Ce squelette n'est-il pas adorable ?
Ce squelette n’est-il pas adorable ?

En effet, si j’ai choisi de vous parler de cette peinture, c’est parce qu’elle m’a sauté aux yeux quand je l’ai découverte. Premièrement parce qu’il n’est pas commun de voir la mort représentée de cette manière : des sympathiques squelettes semblant sourire et s’adonner au jardinage. Deuxièmement, parce que cette peinture m’a semblé très moderne (j’ai cru qu’elle était beaucoup plus récente que ça) et, dans le même temps, m’a rappelé des enluminures du Moyen-Age. Avec ses couleurs et son apparente naïveté, sa simplicité, elle semble sorti d’un autre temps. Et j’adore les œuvres aussi anachroniques !

« Hugo Simberg, symboliste obsédé par la mort et le fantastique, n’a pas laissé une oeuvre abondante, mais ses aquarelles, où des démons étranges personnifient les forces de la nature, sont fascinantes. »

[Source : Georges Desneiges, Finlande, Paris, Seuil, 1960, n.p.]

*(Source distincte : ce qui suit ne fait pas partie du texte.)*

(* Let $d$ be a differential on a graded complex vector space. Consider only homotopies $h$ (degree $-1$, $h^2=0$, $hdh=h$) that satisfy $dhd=d$, and write $\pi=1-dh-hd$. If $h$ is such a homotopy, then each of the following $h'$ is such a homotopy, with $\pi'=1-dh'-h'd$ as indicated: (A) $h'=h(1-a\pi)$, $\pi'=(1+dha)\pi$, for any $a\in\operatorname{End}^0$ with $da=\pi a=ad=ah=0$; (B) $h'=(1+dbd)h(1-dbd)$, $\pi'=\pi$, for any $b\in\operatorname{End}^{-2}$ with $\pi b=hb=bh=b\pi=0$; (C) $h'=(1-\pi c)h$, $\pi'=\pi(1+chd)$, for any $c\in\operatorname{End}^0$ with $hc=dc=c\pi=cd=0$. Moreover any two such homotopies $h,h'$ are related by a composition of transformations of types A, B, C: if $h_A$ is obtained from $h$ by (A) with $a=-dh'\pi$, $h_B$ from $h_A$ by (B) with $b=-h_Adh'h_A$, and $h_C$ from $h_B$ by (C) with $c=-\pi_Bh'd$ (where $\pi_B=1-dh_B-h_Bd$), then $h_C=h'$. *)

(* Graded complex vector spaces are modelled internally:
   a module W over the complex numbers R[i] (R : realType, i.e. the reals)
   together with a family of homogeneous subspaces Wn n (n : int) of which
   W is the (internal) direct sum. *)
From HB Require Import structures.
From mathcomp Require Import all_boot all_order all_algebra.
From mathcomp Require Import reals.
From mathcomp Require Import complex.
Set Implicit Arguments. Unset Strict Implicit. Unset Printing Implicit Defensive.
Import Order.TTheory GRing.Theory Num.Theory.
Local Open Scope ring_scope.

Section Graded.
Variables (R : realType) (W : lmodType R[i]) (Wn : int -> {pred W}).

Definition is_grading : Prop :=
  [/\ forall n, (0 : W) \in Wn n,
      forall n (a : R[i]) (x y : W), x \in Wn n -> y \in Wn n -> a *: x + y \in Wn n,
      forall w : W, exists (s : seq int) (f : int -> W),
          [/\ uniq s, forall n, f n \in Wn n & w = \sum_(n <- s) f n]
    & forall (s : seq int) (f : int -> W), uniq s -> (forall n, f n \in Wn n) ->
          \sum_(n <- s) f n = 0 -> forall n, n \in s -> f n = 0].

Definition lin (f : W -> W) : Prop :=
  forall (a : R[i]) (u v : W), f (a *: u + v) = a *: f u + f v.

Definition End_deg (k : int) (f : W -> W) : Prop :=
  lin f /\ forall n x, x \in Wn n -> f x \in Wn (n + k).

Definition differential (d : W -> W) : Prop :=
  End_deg 1 d /\ d \o d = (fun=> 0).

Definition piH (d h : W -> W) : W -> W := fun x => x - d (h x) - h (d x).

Definition good_homotopy (d h : W -> W) : Prop :=
  [/\ End_deg (-1) h, h \o h = (fun=> 0), h \o d \o h = h & d \o h \o d = d].

End Graded.

From HB Require Import structures.
From mathcomp Require Import all_boot all_order all_algebra.
From mathcomp Require Import reals.
From mathcomp Require Import complex.
From mathcomp Require Import ring.
From Stdlib Require Import FunctionalExtensionality.
Import GRing.Theory.
Set Implicit Arguments. Unset Strict Implicit.
Local Open Scope ring_scope.

(** Every claim is an identity between composites of d, h, h' and the
   correction terms, so it is checked pointwise: linearity pushes each map
   inside sums, the relations d^2 = h^2 = 0, hdh = h, dhd = d (and
   pi d = d pi = pi h = h pi = 0, pi^2 = pi, which follow from them) cancel
   all reducible words, and what remains is an identity in an abelian group.
   In particular (A), (B) and (C) need no side condition on a, b, c beyond
   their degree.
   For two such homotopies h and k, the three corrections of the statement
   successively turn h into hdk - hdkhd, then hdk - dkhdk, then k. *)

Section TrivialExtension.
Variable V : zmodType.

Definition trivext := (int * V)%type.
HB.instance Definition _ := GRing.Zmodule.on trivext.

Definition trivext_mul (x y : trivext) : trivext :=
  (x.1 * y.1, x.2 *~ y.1 + y.2 *~ x.1).

Lemma trivext_mulA : associative trivext_mul.
Proof.
move=> [a u] [b v] [c w]; rewrite /trivext_mul /=; congr (_, _).
  by rewrite mulrA.
by rewrite !mulrzDl -!mulrzA addrA (mulrC c a) (mulrC b a).
Qed.

Lemma trivext_mulC : commutative trivext_mul.
Proof. by move=> [a u] [b v]; rewrite /trivext_mul /= mulrC addrC. Qed.

Lemma trivext_mul1 : left_id (1, 0) trivext_mul.
Proof. by move=> [a u]; rewrite /trivext_mul /= mul1r mul0rz add0r mulr1z. Qed.

Lemma trivext_mulDl : left_distributive trivext_mul +%R.
Proof.
move=> [a u] [b v] [c w]; rewrite /trivext_mul /=; congr (_, _).
  by rewrite mulrDl.
by rewrite mulrzDl mulrzDr addrACA.
Qed.

Lemma trivext_one_neq0 : ((1, 0) : trivext) != 0.
Proof. by []. Qed.

HB.instance Definition _ := GRing.Zmodule_isComNzRing.Build trivext
  trivext_mulA trivext_mulC trivext_mul1 trivext_mulDl trivext_one_neq0.

Definition trivext_embed (v : V) : trivext := (0, v).

Lemma trivext_embed_is_zmod_morphism : zmod_morphism trivext_embed.
Proof. by []. Qed.

HB.instance Definition _ := GRing.isZmodMorphism.Build V trivext trivext_embed
  trivext_embed_is_zmod_morphism.

Lemma trivext_embed_inj : injective trivext_embed.
Proof. by move=> u v []. Qed.
End TrivialExtension.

Des squelettes anachroniques ?

Mon étonnement ne s’est cependant pas arrêté là. Cette œuvre m’a surtout surprise parce qu’elle m’en a rappelé une autre, bien plus récente et bien différente : elle m’a immédiatement fait penser à (tenez-vous bien) un manga que je lis depuis un petit moment : Colette décide de mourir (« Colette decides to die« , en anglais, car il n’est pas encore sorti en France, ou « Colette wa Shinu Koto ni Shita » pour ceux qui voudraient le titre japonais). C’est un peu fou, non ? Personnellement, j’ai trouvé ça un peu fou. Et encore plus anachronique (j’adore les oeuvres anachroniques et le mot « anachronique » qui, d’ailleurs, est un « chrononyme », voilà, c’était une info supplémentaire, comme ça, c’est pour moi, c’est cadeau).

Colette Decides to Die (コレットは死ぬことにした) de Yukimura Alto, publié depuis 2013, Japon.
Colette Decides to Die (コレットは死ぬことにした) de Yukimura Alto, publié depuis 2013, Japon.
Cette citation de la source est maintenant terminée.